Member of the Legislative Assembly of the Province of Canada for Niagara
- In office 1841 – September 1842 (Election overturned)
- Monarch: Victoria
- Governor-General: Lord Sydenham
- Preceded by: Position established
- Succeeded by: Henry John Boulton

Personal details
- Born: 1806
- Died: January 18, 1860 (aged 53–54)
- Party: Tories
- Spouse: Ann Isabella Burns ​(m. 1830)​
- Occupation: Lawyer, judge, political figure

= Edward C. Campbell =

Politician and judge in the Province of Canada

Edward Clarke Campbell (1806 – January 18, 1860) was a lawyer, judge and political figure in Canada West. He represented the town of Niagara (now Niagara-on-the-Lake, Ontario) in the Legislative Assembly of the Province of Canada from 1841 to 1842.

== Biography ==
He was the son of Fort Major Donald Campbell, a native of Argyllshire, Scotland. Campbell studied law with Robert Dickson, later practising in partnership with Dickson. In 1830, he married Ann Isabella Burns.

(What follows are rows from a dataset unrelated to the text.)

(* Let $0<q<1$, $n,m\in\mathbb{N}_0$, and let $x,y$ be complex with $y\neq0$. Then $${}_2\Phi_1\left[\begin{matrix}q^{-n},x;\\ y;\end{matrix}\;q;\,q^{1+m}\right]=\frac{x^n\left(\frac{y}{x};q\right)_n}{(y;q)_n}\sum_{j=0}^m\begin{bmatrix}m\\ j\end{bmatrix}_q\frac{\left(\frac{q^{1-n}}{y},\frac{qx}{y};q\right)_{m-j}}{\left(\frac{xq^{1-n}}{y};q\right)_{m-j}}\left(\frac{q}{y}\right)^j.$$
   Context: Throughout $0<q<1$. For complex $\alpha$: $(\alpha;q)_0=1$, $(\alpha;q)_n=\prod_{k=0}^{n-1}(1-\alpha q^k)$, $(\alpha_1,\dots,\alpha_m;q)_n=(\alpha_1;q)_n\cdots(\alpha_m;q)_n$. The $q$-binomial coefficient is $\begin{bmatrix}m\\ j\end{bmatrix}_q=\frac{(q;q)_m}{(q;q)_j(q;q)_{m-j}}$. Also ${}_2\Phi_1\left[\begin{matrix}a_1,a_2;\\ b_1;\end{matrix}\,q;z\right]=\sum_{k=0}^\infty\frac{(a_1,a_2;q)_k}{(b_1;q)_k}\frac{z^k}{(q;q)_k}$ (terminating when $a_1=q^{-n}$). *)

From HB Require Import structures.
From mathcomp Require Import all_boot all_order all_algebra.
From mathcomp Require Import complex.
From mathcomp Require Import reals.
Set Implicit Arguments. Unset Strict Implicit. Unset Printing Implicit Defensive.
Import Order.TTheory GRing.Theory Num.Theory.
Local Open Scope ring_scope.

Definition qpoch {F : comRingType} (a q : F) (n : nat) : F :=
  \prod_(k < n) (1 - a * q ^+ k).

Definition qbinom {F : fieldType} (q : F) (m j : nat) : F :=
  qpoch q q m / (qpoch q q j * qpoch q q (m - j)).

(* Terminating basic hypergeometric series
   2Phi1[q^{-n}, a2; b1; q; z] = sum_{k=0}^{n} (q^{-n},a2;q)_k/(b1;q)_k z^k/(q;q)_k
   (terms with k > n vanish since (q^{-n};q)_k = 0). *)
Definition phi21_term {F : fieldType} (n : nat) (a2 b1 q z : F) : F :=
  \sum_(k < n.+1)
     qpoch (q ^+ n)^-1 q k * qpoch a2 q k / qpoch b1 q k * z ^+ k / qpoch q q k.

(* Multiplying by (y;q)_n turns the left side into
   S(y, z) = sum_k (q^-n;q)_k / (q;q)_k * (x;q)_k * (y q^k;q)_(n-k) * z^k at z = q^(m+1).
   At z = q this is the q-Chu-Vandermonde sum prod_(i<n) (x - y q^i), obtained by
   induction on n.  Replacing z by q z obeys the contiguity relation
   y S(y q, q z) = S(y q, z) - (1 - y q^n) S(y, z), while the q-Pascal rule gives the
   same recurrence in m for the right-hand sum, with its parameters multiplied by q when
   y is divided by q; induction on m concludes. *)

From HB Require Import structures.
From mathcomp Require Import all_boot all_order all_algebra.
From mathcomp Require Import complex.
From mathcomp Require Import reals.
From mathcomp Require Import ring.
Set Implicit Arguments. Unset Strict Implicit. Unset Printing Implicit Defensive.
Import Order.TTheory GRing.Theory Num.Theory.
Local Open Scope ring_scope.

Section QPochhammer.
Variables (F : comNzRingType) (q : F).

Lemma qpoch0 a : qpoch a q 0 = 1.
Proof. by rewrite /qpoch big_ord0. Qed.

Lemma qpochS a n : qpoch a q n.+1 = qpoch a q n * (1 - a * q ^+ n).
Proof. by rewrite /qpoch big_ord_recr. Qed.

Lemma qpochSl a n : qpoch a q n.+1 = (1 - a) * qpoch (a * q) q n.
Proof.
rewrite /qpoch big_ord_recl expr0 mulr1; congr (_ * _).
by apply: eq_bigr => i _; rewrite /= exprS mulrA.
Qed.

Lemma qpochD a m n : qpoch a q (m + n) = qpoch a q m * qpoch (a * q ^+ m) q n.
Proof.
rewrite /qpoch big_split_ord; congr (_ * _).
by apply: eq_bigr => i _; rewrite /= exprD mulrA.
Qed.

Definition hqpoch (x y : F) n := \prod_(i < n) (x - y * q ^+ i).

Lemma hqpochS x y n : hqpoch x y n.+1 = hqpoch x y n * (x - y * q ^+ n).
Proof. by rewrite /hqpoch big_ord_recr. Qed.

Lemma hqpochSl x y n : hqpoch x y n.+1 = (x - y) * hqpoch x (y * q) n.
Proof.
rewrite /hqpoch big_ord_recl expr0 mulr1; congr (_ * _).
by apply: eq_bigr => i _; rewrite /= exprS mulrA.
Qed.

Lemma hqpochZ c x y n : hqpoch (c * x) (c * y) n = c ^+ n * hqpoch x y n.
Proof.
rewrite /hqpoch -[in c ^+ n](card_ord n) -prodr_const -big_split /=.
by apply: eq_bigr => i _; rewrite mulrBr mulrA.
Qed.

End QPochhammer.

Lemma hqpochE (F : fieldType) (q x y : F) n :
  x != 0 -> hqpoch q x y n = x ^+ n * qpoch (y / x) q n.
Proof.
move=> x_nz; rewrite -[in LHS](mulr1 x) -[in LHS](divfK x_nz y) [_ / x * x]mulrC.
by rewrite hqpochZ.
Qed.

Section QNotRootOfUnity.
Variables (F : fieldType) (q : F).
Hypotheses (q_neq0 : q != 0) (q_not_root1 : forall k, q ^+ k.+1 != 1).

Lemma subr1_qX_neq0 k : 1 - q ^+ k.+1 != 0.
Proof. by rewrite subr_eq0 eq_sym q_not_root1. Qed.

Lemma qpoch_qq_neq0 k : qpoch q q k != 0.
Proof.
elim: k => [|k IHk]; first by rewrite qpoch0 oner_eq0.
by rewrite qpochS mulf_neq0 // -exprS subr1_qX_neq0.
Qed.

Lemma qbinom_n0 m : qbinom q m 0 = 1.
Proof. by rewrite /qbinom qpoch0 mul1r subn0 divff // qpoch_qq_neq0. Qed.

Lemma qbinom_nn m : qbinom q m m = 1.
Proof. by rewrite /qbinom subnn qpoch0 mulr1 divff // qpoch_qq_neq0. Qed.

Lemma qbinom_pascal m j : (j < m)%N ->
  qbinom q m.+1 j.+1 = q ^+ j.+1 * qbinom q m j.+1 + qbinom q m j.
Proof.
move=> ltjm; rewrite /qbinom subSS -(subnSK ltjm); set d := (m - j.+1)%N.
have em : q * q ^+ m = q ^+ j.+1 * (q * q ^+ d).
  by rewrite -!exprS -exprD addnS /d subnKC.
rewrite !(qpochS q q m, qpochS q q j, qpochS q q d) em.
have [nz_j nz_d] := (subr1_qX_neq0 j, subr1_qX_neq0 d).
have [qq_j qq_d] := (qpoch_qq_neq0 j, qpoch_qq_neq0 d).
rewrite -!exprS in nz_j nz_d *.
by field; rewrite qq_j qq_d nz_j nz_d.
Qed.

Definition qpoch_ratio A B C i := qpoch A q i * qpoch B q i / qpoch C q i.

Lemma qpoch_ratioS A B C i :
  qpoch_ratio A B C i.+1
  = (1 - A) * (1 - B) / (1 - C) * qpoch_ratio (A * q) (B * q) (C * q) i.
Proof. by rewrite /qpoch_ratio !qpochSl invfM; ring. Qed.

Definition qbinom_series A B C z m :=
  \sum_(j < m.+1) qbinom q m j * qpoch_ratio A B C (m - j) * z ^+ j.

Lemma qbinom_seriesS A B C z m :
  qbinom_series A B C z m.+1
  = z * qbinom_series A B C z m
    + (1 - A) * (1 - B) / (1 - C) * qbinom_series (A * q) (B * q) (C * q) (q * z) m.
Proof.
pose t j := qpoch_ratio A B C (m - j) * z ^+ j.+1.
have lhs : qbinom_series A B C z m.+1 = qpoch_ratio A B C m.+1
    + \sum_(j < m) qbinom q m.+1 j.+1 * t j + qpoch_ratio A B C 0 * z ^+ m.+1.
  rewrite /qbinom_series big_ord_recl big_ord_recr /= qbinom_n0 qbinom_nn.
  rewrite subn0 subnn expr0 !mulr1 !mul1r addrA.
  congr (_ + _ + _); apply: eq_bigr => j _.
  by rewrite /t [RHS]mulrA /bump leq0n add1n subSS.
have shifted : z * qbinom_series A B C z m
    = \sum_(j < m) qbinom q m j * t j + qpoch_ratio A B C 0 * z ^+ m.+1.
  rewrite /qbinom_series mulr_sumr big_ord_recr /= qbinom_nn subnn mul1r exprS.
  congr (_ + _); last exact: mulrCA.
  by apply: eq_bigr => j _; rewrite /t exprS mulrCA [RHS]mulrA.
have raised : (1 - A) * (1 - B) / (1 - C) * qbinom_series (A * q) (B * q) (C * q) (q * z) m
    = qpoch_ratio A B C m.+1 + \sum_(j < m) q ^+ j.+1 * qbinom q m j.+1 * t j.
  rewrite /qbinom_series mulr_sumr big_ord_recl /= qbinom_n0 subn0 expr0 mulr1.
  rewrite qpoch_ratioS mul1r; congr (_ + _); apply: eq_bigr => j _.
  rewrite /t /bump leq0n add1n -(subnSK (ltn_ord j)) qpoch_ratioS exprMn.
  by ring.
have pascal : \sum_(j < m) qbinom q m.+1 j.+1 * t j
    = \sum_(j < m) qbinom q m j * t j + \sum_(j < m) q ^+ j.+1 * qbinom q m j.+1 * t j.
  rewrite -big_split; apply: eq_bigr => j _ /=.
  by rewrite qbinom_pascal // -mulrDl addrC.
by rewrite lhs shifted raised pascal; ring.
Qed.

(* (q^-n;q)_k / (q;q)_k = (-1)^k q^(k(k-1)/2 - n k) [n k]_q *)
Definition qbinomN n k := qpoch (q ^+ n)^-1 q k / qpoch q q k.

Lemma qbinomN_n0 n : qbinomN n 0 = 1.
Proof. by rewrite /qbinomN !qpoch0 divr1. Qed.

Lemma qbinomN_out n : qbinomN n n.+1 = 0.
Proof. by rewrite /qbinomN qpochS mulVf ?expf_neq0 // subrr mulr0 mul0r. Qed.

Lemma qbinomN_SS n k :
  qbinomN n.+1 k.+1 = qbinomN n k.+1 - (q ^+ n.+1)^-1 * qbinomN n k.
Proof.
rewrite /qbinomN exprSr invfM qpochSl divfK // !qpochS.
have [nz_k qq_k] := (subr1_qX_neq0 k, qpoch_qq_neq0 k).
rewrite exprS in nz_k.
by field; rewrite qq_k q_neq0 expf_neq0 // nz_k.
Qed.

Definition phi21_num n x y z :=
  \sum_(k < n.+1) qbinomN n k * qpoch x q k * qpoch (y * q ^+ k) q (n - k) * z ^+ k.

Lemma phi21_termE n x y z :
  qpoch y q n != 0 -> phi21_term n x y q z = phi21_num n x y z / qpoch y q n.
Proof.
move=> y_nz; rewrite /phi21_term /phi21_num mulr_suml; apply: eq_bigr => k _.
have le_kn : (k <= n)%N by rewrite -ltnS.
have yE : qpoch y q n = qpoch y q k * qpoch (y * q ^+ k) q (n - k).
  by rewrite -qpochD subnKC.
move: (y_nz); rewrite yE mulf_eq0 negb_or => /andP[y_nz1 y_nz2].
have qq_k := qpoch_qq_neq0 k.
by rewrite /qbinomN; field; rewrite y_nz1 y_nz2 qq_k.
Qed.

Lemma phi21_num_recn n x y z :
  phi21_num n.+1 x y z = (1 - y * q ^+ n) * phi21_num n x y z
                         - z / q ^+ n.+1 * (1 - x) * phi21_num n (x * q) (y * q) z.
Proof.
pose t k := qpoch x q k.+1 * qpoch (y * q ^+ k.+1) q (n - k) * z ^+ k.+1.
have shifted : phi21_num n.+1 x y z = qpoch y q n.+1
    + \sum_(k < n.+1) (qbinomN n k.+1 * t k - (q ^+ n.+1)^-1 * qbinomN n k * t k).
  rewrite /phi21_num big_ord_recl /= qbinomN_n0 qpoch0 expr0 !mulr1 mul1r subn0.
  by congr (_ + _); apply: eq_bigr => k _; rewrite qbinomN_SS subSS /t; ring.
have top : qpoch y q n.+1 + \sum_(k < n.+1) qbinomN n k.+1 * t k
         = (1 - y * q ^+ n) * phi21_num n x y z.
  rewrite /phi21_num mulr_sumr [RHS]big_ord_recl [in LHS]big_ord_recr /=.
  rewrite qbinomN_out !mul0r addr0 qbinomN_n0 qpoch0 subn0 expr0 !mulr1 mul1r.
  congr (_ + _); first by rewrite qpochS mulrC.
  apply: eq_bigr => k _; have lt_kn := ltn_ord k.
  rewrite /t /bump leq0n add1n -(subnSK lt_kn) (qpochS q (y * _)).
  by rewrite -[y * _ * _]mulrA -exprD subnKC //; ring.
have bottom : \sum_(k < n.+1) (q ^+ n.+1)^-1 * qbinomN n k * t k
            = z / q ^+ n.+1 * (1 - x) * phi21_num n (x * q) (y * q) z.
  rewrite /phi21_num mulr_sumr; apply: eq_bigr => k _.
  by rewrite /t qpochSl -[y * q * _]mulrA -exprS [z ^+ _.+1]exprS; ring.
by rewrite shifted big_split /= sumrN addrA top bottom.
Qed.

Lemma qchu_vandermonde n x y : phi21_num n x y q = hqpoch q x y n.
Proof.
elim: n x y => [|n IHn] x y.
  by rewrite /phi21_num /hqpoch big_ord1 big_ord0 qbinomN_n0 !qpoch0 expr0 !mulr1.
rewrite phi21_num_recn !IHn -[x * q]mulrC -[y * q]mulrC hqpochZ hqpochS.
by rewrite exprS; field; rewrite expf_neq0 // q_neq0.
Qed.

Lemma phi21_num_mulz n x y z :
  y * phi21_num n x (y * q) (q * z)
  = phi21_num n x (y * q) z - (1 - y * q ^+ n) * phi21_num n x y z.
Proof.
rewrite /phi21_num !mulr_sumr -sumrB; apply: eq_bigr => k _.
have le_kn : (k <= n)%N by rewrite -ltnS.
set c := qbinomN n k * qpoch x q k.
set Pk := qpoch (y * q ^+ k) q (n - k).
set Pk1 := qpoch (y * q * q ^+ k) q (n - k).
have step : Pk * (1 - y * q ^+ n) = (1 - y * q ^+ k) * Pk1.
  have -> : y * q ^+ n = y * q ^+ k * q ^+ (n - k) by rewrite -mulrA -exprD subnKC.
  by rewrite -qpochS qpochSl mulrAC.
have -> : (1 - y * q ^+ n) * (c * Pk * z ^+ k) = c * z ^+ k * (Pk * (1 - y * q ^+ n)).
  by ring.
by rewrite step exprMn; ring.
Qed.

Lemma hqpoch_shift_coef n x b : b != 0 -> q ^+ n * b - x != 0 ->
  hqpoch q x (b * q) n *
    ((1 - q / q ^+ n / (b * q)) * (1 - q * x / (b * q)) / (1 - x * (q / q ^+ n) / (b * q)))
  = - ((1 - b * q ^+ n) / b) * hqpoch q x b n.
Proof.
move=> b_nz C_den; have qn_nz : q ^+ n != 0 by rewrite expf_neq0.
have hqpochSS : hqpoch q x (b * q) n * (x - b) = hqpoch q x b n * (x - b * q ^+ n).
  by rewrite mulrC -hqpochSl hqpochS.
have -> : hqpoch q x (b * q) n *
    ((1 - q / q ^+ n / (b * q)) * (1 - q * x / (b * q)) / (1 - x * (q / q ^+ n) / (b * q)))
    = - (hqpoch q x (b * q) n * (x - b)) * (1 - q / q ^+ n / (b * q))
      / (b * (1 - x * (q / q ^+ n) / (b * q))).
  by field; rewrite q_neq0 b_nz qn_nz C_den.
by rewrite hqpochSS; field; rewrite b_nz q_neq0 qn_nz C_den.
Qed.

Lemma phi21_num_qpow n x y m : y != 0 ->
  (forall k, (k <= m)%N -> qpoch (x * (q / q ^+ n) / y) q k != 0) ->
  phi21_num n x y (q ^+ m.+1) = hqpoch q x y n *
    qbinom_series (q / q ^+ n / y) (q * x / y) (x * (q / q ^+ n) / y) (q / y) m.
Proof.
have qn_nz : q ^+ n != 0 by rewrite expf_neq0.
elim: m y => [|m IHm] y y_nz C_nz.
  rewrite qchu_vandermonde /qbinom_series big_ord1 qbinom_nn //.
  by rewrite /qpoch_ratio !qpoch0 expr0 invr1 !mulr1.
(* Writing y = b q, the contiguity relation links y to b, where the induction
   hypothesis applies as well, with all parameters of the series multiplied by q. *)
have [b yE] : exists b, y = b * q by exists (y / q); rewrite divfK.
subst y; have b_nz : b != 0 by move: y_nz; rewrite mulf_eq0 negb_or => /andP[].
have C_den : q ^+ n * b - x != 0.
  move: (C_nz 1%N isT); rewrite qpochS qpoch0 mul1r expr0 mulr1.
  have -> : 1 - x * (q / q ^+ n) / (b * q) = (q ^+ n * b - x) / (q ^+ n * b).
    by field; rewrite q_neq0 b_nz qn_nz.
  by rewrite mulf_eq0 negb_or => /andP[].
have shift c : c / b = c / (b * q) * q by field; rewrite b_nz q_neq0.
have IHb : phi21_num n x b (q ^+ m.+1) = hqpoch q x b n *
    qbinom_series (q / q ^+ n / (b * q) * q) (q * x / (b * q) * q)
                  (x * (q / q ^+ n) / (b * q) * q) (q * (q / (b * q))) m.
  rewrite [q * (q / _)]mulrC -!shift; apply: IHm => // k le_km.
  by move: (C_nz k.+1 le_km); rewrite qpochSl shift mulf_eq0 negb_or => /andP[].
have contig := phi21_num_mulz n x b (q ^+ m.+1).
have IHy := IHm _ y_nz (fun k le_km => C_nz k (leqW le_km)).
rewrite -exprS IHb IHy in contig.
apply: (mulfI b_nz); rewrite contig qbinom_seriesS mulrDr.
rewrite [hqpoch _ _ _ _ * (_ * qbinom_series (_ * q) _ _ _ _)]mulrA hqpoch_shift_coef //.
by field; rewrite b_nz q_neq0.
Qed.

End QNotRootOfUnity.

Local Open Scope complex_scope.

Theorem theorem5 (R : realType) (q : R) (n m : nat) (x y : R[i]) :
  0 < q -> q < 1 ->
  y != 0 ->
  (* side conditions making the right-hand side (and LHS) well-defined *)
  x != 0 ->
  qpoch y q%:C n != 0 ->
  (forall k, (k <= m)%N -> qpoch (x * q%:C ^ (1 - n%:Z) / y) q%:C k != 0) ->
  phi21_term n x y q%:C (q%:C ^+ m.+1) =
  x ^+ n * qpoch (y / x) q%:C n / qpoch y q%:C n *
  \sum_(j < m.+1)
     qbinom q%:C m j *
     (qpoch (q%:C ^ (1 - n%:Z) / y) q%:C (m - j) * qpoch (q%:C * x / y) q%:C (m - j)
        / qpoch (x * q%:C ^ (1 - n%:Z) / y) q%:C (m - j)) *
     (q%:C / y) ^+ j.
Proof.
move=> q_gt0 q_lt1 y_nz x_nz y_qpoch_nz C_nz.
have Q_nz : q%:C != 0 by rewrite fmorph_eq0 gt_eqF.
have Q_not_root1 k : q%:C ^+ k.+1 != 1.
  rewrite -rmorphXn -(rmorph1 (real_complex R)) (inj_eq (fmorph_inj _)).
  by rewrite lt_eqF // exprn_ilt1 ?ltW.
have Q_pow : q%:C ^ (1 - n%:Z) = q%:C / q%:C ^+ n by rewrite expfzDr // expr1z -exprnN.
rewrite Q_pow in C_nz *.
by rewrite phi21_termE // phi21_num_qpow // hqpochE // mulrAC.
Qed.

Campbell stood for election to the first Parliament of the Province of Canada in the general election of March and April, 1841. He was declared the victor by one vote, defeating Henry John Boulton. Campbell took his seat in the Assembly and was considered a moderate Tory. He supported the union of the Canadas, and consistently voted in support of the Governor General, Lord Sydenham.

The election results in Niagara were appealed by means of an election petition to the Legislative Assembly. In September 1842, more than a year after the election and after Campbell had sat in the Assembly for the 1841 session, the Assembly ruled that Boulton had been the victor in the election. The Assembly removed Campbell and installed Bouton as the member for Niagara. Campbell was appointed a judge for the Niagara District court.

Campbell was a successful horticulturist and was president of the local Mechanics' Institute for ten years. He served on the bench until his death from pneumonia in 1860.